By Trent Hamm, U.S. News & World Report
If you’ve put off saving for retirement, and don’t want to work forever, follow these tips.
It’s well established that if you start saving about 10 percent of your income for retirement starting at age 25, you’re going to be in excellent shape for retirement when you hit age 65. This fact should be emblazoned on every single college and trade school diploma issued in the United States today: start saving for retirement now, not later.
Unfortunately, that fact doesn’t represent reality. Quite a few of us didn’t save at all during our 20s, and some of us didn’t save during our 30s, either. All the time, I hear from readers in their late 30s or early 40s (or even later) who are just now realizing that they need to start saving for retirement or they’re going to work forever.
If this describes you, the obvious answer is to start saving immediately. Right now. If you’re reading this article and you’re a professional adult without any retirement plan in place, you need to start a retirement plan.
If your employer offers a 401k program with matching contributions, run (don’t walk) to the HR office and sign up for that plan. Contribute enough to get every dime of that matching money because it’s essentially free retirement savings for you. If your employer doesn’t offer matching in their 401k program, look into opening an individual retirement account. I recommend contributing 10 percent of your income to that IRA, for starters.
So, you’re saving. Now what? The first thing to think about is time. If you’re only contributing 10 percent of your income per year to a typical retirement fund, it’s going to take about 40 years of saving before you can safely retire. Like it or not, that’s the reality of it.
If you’re 30 when you start, that means you’re looking at retiring when you’re 70. If you’re 40 when you start, that means you’re looking at retiring when you’re 80.

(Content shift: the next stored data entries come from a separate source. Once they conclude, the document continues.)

(* Let $1\le j\le k$. Let $\alpha=(\alpha_1,\dots,\alpha_j,0,\dots,0)\in\mathbb N^k$ (the last $k-j$ entries are zero) and $\beta=(\beta_1,\dots,\beta_k)\in\mathbb P^k$. Then for $t\ge0$ and $\mathrm{Re}(z)<0$, $$\phi\tbinom{\alpha}{\beta}(t)=\phi\tbinom{\alpha_1,\dots,\alpha_{j-1},\alpha_j}{\beta_1,\dots,\beta_{j-1},\beta_j+\beta_{j+1}+\cdots+\beta_k}(t)\;\cdot\;\phi\tbinom{0,\dots,0}{\beta_{j+1},\dots,\beta_k}(0).$$ Here the last factor has $k-j$ columns and is interpreted as $1$ when $j=k$.
   Context: $\mathbb P$ denotes the positive and $\mathbb N$ the nonnegative integers. Let $X=\{x_i:i\in\mathbb P\}$ be commuting indeterminates. For $\gamma\in\mathbb N^m$, $\mu\in\mathbb P^m$, real $t\ge0$ and complex $z$ with $\mathrm{Re}(z)<0$, define $$\phi\tbinom{\gamma}{\mu}(t)=\sum_{0<i_1<\cdots<i_m}x_{i_1}^{\gamma_1}\cdots x_{i_m}^{\gamma_m}e^{(i_1+t)\mu_1z}\cdots e^{(i_m+t)\mu_mz}.$$ The coefficient of each monomial in $X$ is an absolutely convergent series. The empty case $m=0$ gives $1$. *)

From HB Require Import structures.
From mathcomp Require Import all_boot all_order all_algebra.
From mathcomp Require Import all_classical all_reals all_analysis.
From mathcomp Require Import complex.
Set Implicit Arguments. Unset Strict Implicit. Unset Printing Implicit Defensive.
Import Order.TTheory GRing.Theory Num.Theory.
Import numFieldNormedType.Exports.
Local Open Scope ring_scope.
Local Open Scope complex_scope.
Local Open Scope classical_set_scope.

Section Phi.
Variable R : realType.

Definition cexp (w : R[i]) : R[i] :=
  (expR (complex.Re w))%:C * ((cos (complex.Im w))%:C + 'i * (sin (complex.Im w))%:C).

Definition clim (u : nat -> R[i]) : R[i] :=
  (lim ((fun n => complex.Re (u n)) @ \oo)) +i* (lim ((fun n => complex.Im (u n)) @ \oo)).

Definition increasing (N m : nat) (s : m.-tuple 'I_N) : bool :=
  sorted ltn [seq val k | k <- s] && all (fun k : 'I_N => (0 < val k)%N) s.

(* the monomial x_{i_1}^{g_1} ... x_{i_m}^{g_m}, as its exponent function:
   n |-> exponent of x_n *)
Definition mono (g : seq nat) (N : nat) (s : (size g).-tuple 'I_N) : nat -> nat :=
  fun n => (\sum_(l < size g) nth 0%N g l * (val (tnth s l) == n))%N.

Definition expterm (g mu : seq nat) (t : R) (z : R[i]) (N : nat)
    (s : (size g).-tuple 'I_N) : R[i] :=
  \prod_(l < size g) cexp (((val (tnth s l))%:R + t%:C) * (nth 0%N mu l)%:R * z).

Definition phi_partial (g mu : seq nat) (t : R) (z : R[i]) (M : nat -> nat)
    (N : nat) : R[i] :=
  \sum_(s : (size g).-tuple 'I_N.+1 | increasing s)
     (if `[< mono s = M >] then expterm mu t z s else 0).

(* coefficient of the monomial M (given by its exponents: M n = exponent of
   x_n) in phi(g; mu)(t), i.e. the sum of the absolutely convergent series *)
Definition phi_coef (g mu : seq nat) (t : R) (z : R[i]) (M : nat -> nat) : R[i] :=
  clim (phi_partial g mu t z M).

End Phi.

(* Index the terms of phi(alpha; beta)(t) by the increasing sequences x = (i_1 < ... < i_k).
   Writing x as u = (i_1, ..., i_j) followed by an increasing sequence v of length k - j
   shifted by i_j is a bijection onto such pairs (u, v).  As alpha vanishes after position j,
   the monomial of x is that of u; and since i_(j+l) = i_j + v_l, the exponential factor of x
   is that of u, with last weight beta_j + ... + beta_k, times that of v at t = 0.  So the
   partial sum over i_k <= N of the left-hand side is the product of the partial sums of the
   two right-hand factors, minus the sum over the pairs with i_j + v_(k-j) > N.  Every term
   has modulus at most e^(Re z (i_1 + ... + i_m)), so all these series converge and the
   correction is O(e^(N Re z / 2)); the identity follows in the limit. *)

From HB Require Import structures.
From mathcomp Require Import all_boot all_order all_algebra.
From mathcomp Require Import all_classical all_reals all_analysis.
From mathcomp Require Import complex.
From mathcomp Require Import ring zify.
Set Implicit Arguments. Unset Strict Implicit. Unset Printing Implicit Defensive.
Import Order.TTheory GRing.Theory Num.Theory.
Import numFieldNormedType.Exports.
Import Normc.
Local Open Scope ring_scope.
Local Open Scope complex_scope.
Local Open Scope classical_set_scope.

Section IncreasingSequences.
Local Open Scope nat_scope.

Fixpoint words (m N : nat) : seq (seq nat) :=
  if m is m'.+1 then [seq a :: w | a <- iota 1 N, w <- words m' N] else [:: [::]].

Definition incr_seqs (m N : nat) : seq (seq nat) :=
  [seq x <- words m N | path ltn 0 x].

Lemma mem_words m N x :
  (x \in words m N) = (size x == m) && all (fun a => 0 < a <= N) x.
Proof.
elim: m x => [|m IH] x /=; first by rewrite inE; case: x.
apply/allpairsPdep/idP => [[a [w [aN wm ->]]]|].
  by move: aN wm; rewrite mem_iota IH /= => ? /andP [/eqP -> ->]; rewrite eqxx /=; lia.
case: x => [|a x] //= /andP [xm /andP [aN xN]].
by exists a, x; rewrite mem_iota IH -eqSS xm xN; split => //; lia.
Qed.

Lemma uniq_words m N : uniq (words m N).
Proof.
elim: m => [|m IH] //=.
by apply: allpairs_uniq => [||[a w] [b w'] _ _ [-> ->]] //; exact: iota_uniq.
Qed.

Lemma leq_path_last a s : path ltn a s -> a <= last a s.
Proof.
elim: s a => [|b s IH] a //= /andP [ab /IH].
exact/leq_trans/ltnW.
Qed.

Lemma path_ltn_bounds a s : path ltn a s -> all (fun b => a < b <= last a s) s.
Proof.
elim: s a => [|b s IH] a //= /andP [ab bs].
rewrite ab leq_path_last //=; apply: sub_all (IH _ bs) => c /andP [bc ->].
by rewrite (ltn_trans ab bc).
Qed.

Lemma mem_incr_seqs m N x :
  (x \in incr_seqs m N) = [&& size x == m, path ltn 0 x & last 0 x <= N].
Proof.
rewrite mem_filter mem_words andbC -andbA.
have [px|] := boolP (path ltn 0 x); rewrite ?andbT ?andbF //; congr (_ && _).
apply/allP/idP => [xN|lN b /(allP (path_ltn_bounds px))].
  case/lastP: x px xN => //= x a _ /(_ a).
  by rewrite last_rcons mem_rcons mem_head => /(_ isT) /andP [].
by case/andP => -> /leq_trans ->.
Qed.

Lemma uniq_incr_seqs m N : uniq (incr_seqs m N).
Proof. exact/filter_uniq/uniq_words. Qed.

Lemma perm_incr_seqs_le m N N' : N <= N' ->
  perm_eq (incr_seqs m N) [seq x <- incr_seqs m N' | last 0 x <= N].
Proof.
move=> NN'; apply: uniq_perm => [||x]; rewrite ?filter_uniq ?uniq_words //.
rewrite mem_incr_seqs mem_filter mem_incr_seqs andbC.
by case: (leqP (last 0 x) N) => [/leq_trans ->|]; rewrite ?andbF //= andbC.
Qed.

Definition cat_shift (u v : seq nat) : seq nat := u ++ map (addn (last 0 u)) v.

Lemma size_cat_shift u v : size (cat_shift u v) = size u + size v.
Proof. by rewrite size_cat size_map. Qed.

Lemma last_cat_shift u v : last 0 (cat_shift u v) = last 0 u + last 0 v.
Proof.
rewrite /cat_shift; case/lastP: v => [|v b]; rewrite ?cats0 ?addn0 //.
by rewrite map_rcons last_cat !last_rcons.
Qed.

Lemma path_ltn_addn c a v : path ltn (c + a) (map (addn c) v) = path ltn a v.
Proof. by elim: v a => [|b v IH] a //=; rewrite IH ltn_add2l. Qed.

Lemma path_cat_shift u v :
  path ltn 0 (cat_shift u v) = path ltn 0 u && path ltn 0 v.
Proof. by rewrite cat_path -{1}[last 0 u]addn0 path_ltn_addn. Qed.

Lemma cat_shift_inj u u' v v' : size u = size u' ->
  cat_shift u v = cat_shift u' v' -> u = u' /\ v = v'.
Proof.
move=> uu' /eqP; rewrite eqseq_cat // => /andP [/eqP <- /eqP /(inj_map (@addnI _))].
by [].
Qed.

Lemma cat_shift_take_drop j x : path ltn 0 x ->
  cat_shift (take j x) [seq b - last 0 (take j x) | b <- drop j x] = x.
Proof.
move=> px; rewrite /cat_shift -map_comp map_id_in ?cat_take_drop // => b bx /=.
move: px; rewrite -[x in path _ _ x](cat_take_drop j) cat_path.
by case/andP => _ /path_ltn_bounds /allP /(_ b bx); lia.
Qed.

Definition incr_pairs (j r N : nat) : seq (seq nat * seq nat) :=
  [seq (u, v) | u <- incr_seqs j N, v <- incr_seqs r N].

Lemma mem_incr_pairs j r N p :
  (p \in incr_pairs j r N) = (p.1 \in incr_seqs j N) && (p.2 \in incr_seqs r N).
Proof.
case: p => u v; apply/allpairsP/andP => [[[u' v'] [? ? [-> ->]]]|[? ?]] //.
by exists (u, v).
Qed.

Lemma perm_incr_seqs_cat_shift j r N :
  perm_eq (incr_seqs (j + r) N)
    [seq cat_shift p.1 p.2 | p <- incr_pairs j r N & last 0 p.1 + last 0 p.2 <= N].
Proof.
apply: uniq_perm; first exact: uniq_incr_seqs.
  rewrite map_inj_in_uniq ?filter_uniq ?allpairs_uniq ?uniq_incr_seqs //.
    by move=> [u v] [u' v'] _ _ [-> ->].
  move=> [u v] [u' v']; rewrite !mem_filter !mem_incr_pairs !mem_incr_seqs /=.
  case/and3P => _ /and3P [/eqP su _ _] _ /and3P [_ /and3P [/eqP su' _ _] _].
  by move=> /cat_shift_inj [|-> ->] //; rewrite su su'.
move=> x; rewrite mem_incr_seqs; apply/and3P/mapP => [[/eqP sx px lx]|[[u v]]].
  set u := take j x; set v := [seq b - last 0 u | b <- drop j x].
  have xE : x = cat_shift u v by rewrite cat_shift_take_drop.
  have su : size u = j by rewrite size_take sx; case: ltngtP; lia.
  exists (u, v) => //; move: sx px lx; rewrite mem_filter mem_incr_pairs !mem_incr_seqs xE.
  rewrite size_cat_shift path_cat_shift last_cat_shift su eqxx /= => /addnI -> /andP [-> ->]; lia.
rewrite mem_filter mem_incr_pairs !mem_incr_seqs /=.
case/and3P => lN /and3P [/eqP su pu _] /and3P [/eqP sv pv _] ->.
by rewrite size_cat_shift path_cat_shift last_cat_shift su sv pu pv eqxx.
Qed.

Lemma leq_last_sumn x : last 0 x <= sumn x.
Proof. by case/lastP: x => // x a; rewrite last_rcons sumn_rcons leq_addl. Qed.

Lemma perm_incr_seqs_tuples m N :
  perm_eq (incr_seqs m N)
    [seq map val (val s) | s <- enum (fun s : m.-tuple 'I_N.+1 => increasing s)].
Proof.
apply: uniq_perm; first exact: uniq_incr_seqs.
  by rewrite map_inj_uniq ?enum_uniq // => s1 s2 /(inj_map val_inj) /val_inj.
move=> x; apply/idP/mapP => [|[s]]; last first.
  rewrite mem_enum /increasing => /andP [ss sN] ->.
  rewrite mem_filter mem_words size_map size_tuple eqxx all_map.
  case: s ss sN => -[|a y] //= _ -> /andP [-> yN] /=.
  by rewrite -ltnS ltn_ord; apply: sub_all yN => b /= ->; rewrite -ltnS ltn_ord.
rewrite mem_filter mem_words => /and3P [px /eqP sx xN].
have sxN : size (map (@inord N) x) == m by rewrite size_map sx.
have xE : map val (map (@inord N) x) = x.
  by rewrite -map_comp map_id_in // => a /(allP xN) /andP [_ aN] /=; rewrite inordK.
exists (Tuple sxN) => //; rewrite mem_enum unfold_in /increasing /= xE (path_sorted px).
by rewrite all_map; apply: sub_all xN => a /andP [a0 aN] /=; rewrite inordK.
Qed.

Another problem is that simply doubling the contribution doesn’t mean that you can halve the time. You can’t expect to contribute 20 percent for 20 years and match what you would get out of 10 percent over 40 years. That would only work if you were getting no return on your money – in other words, if your retirement plan involves stuffing cash into a mattress.
Saving for retirement once you’re behind the curve looks quite scary. Thankfully, there are a few things you can do to help improve your situation.
1. Get a Social Security estimate
The average American earns 40 percent of his or her retirement income from Social Security benefits, so knowing what you have coming to you can go a long way toward soothing retirement fears. The Social Security Administration offers a calculator to help you figure out how much you’re going to receive in benefits. It’s a good idea to wait until you’re as old as possible to start collecting benefits so you can maximize the income.
2. Look for ways to boost your income
Many mid-career folks find opportunities for freelance work and side businesses that can supplement their current income. Instead of simply spending that money, however, channel all of it into retirement savings (or into a mix of retirement savings and debt repayment). If you’re unsure where to start, visit your local library for information on side businesses and freelance opportunities related to your career path.
3. Hike up your savings
If you wish to retire earlier than 40 years from now, you’re going to have to save more. That means stowing away a higher percentage of your income. A good quick rule to use is that for every 10 years you want to shave off your goal, you need to double how much you’re saving. If you want to make it in 30 years, shoot for 20 percent per year. Twenty years? You should be saving 40 percent of your income per year. You need that boost to make up for the time you lost.
4. Cut out unnecessary expenses
Finally – and this is the tough part – you may have to consider some cutbacks. If you’re living a lifestyle that makes saving for retirement inconceivable, then you’re simply living beyond your means. You can’t assume that your ship will come in someday and everything will be OK. Everyone has expenses that they can cut from their life.
The road to retirement is a challenging road – but it’s not an impossible one.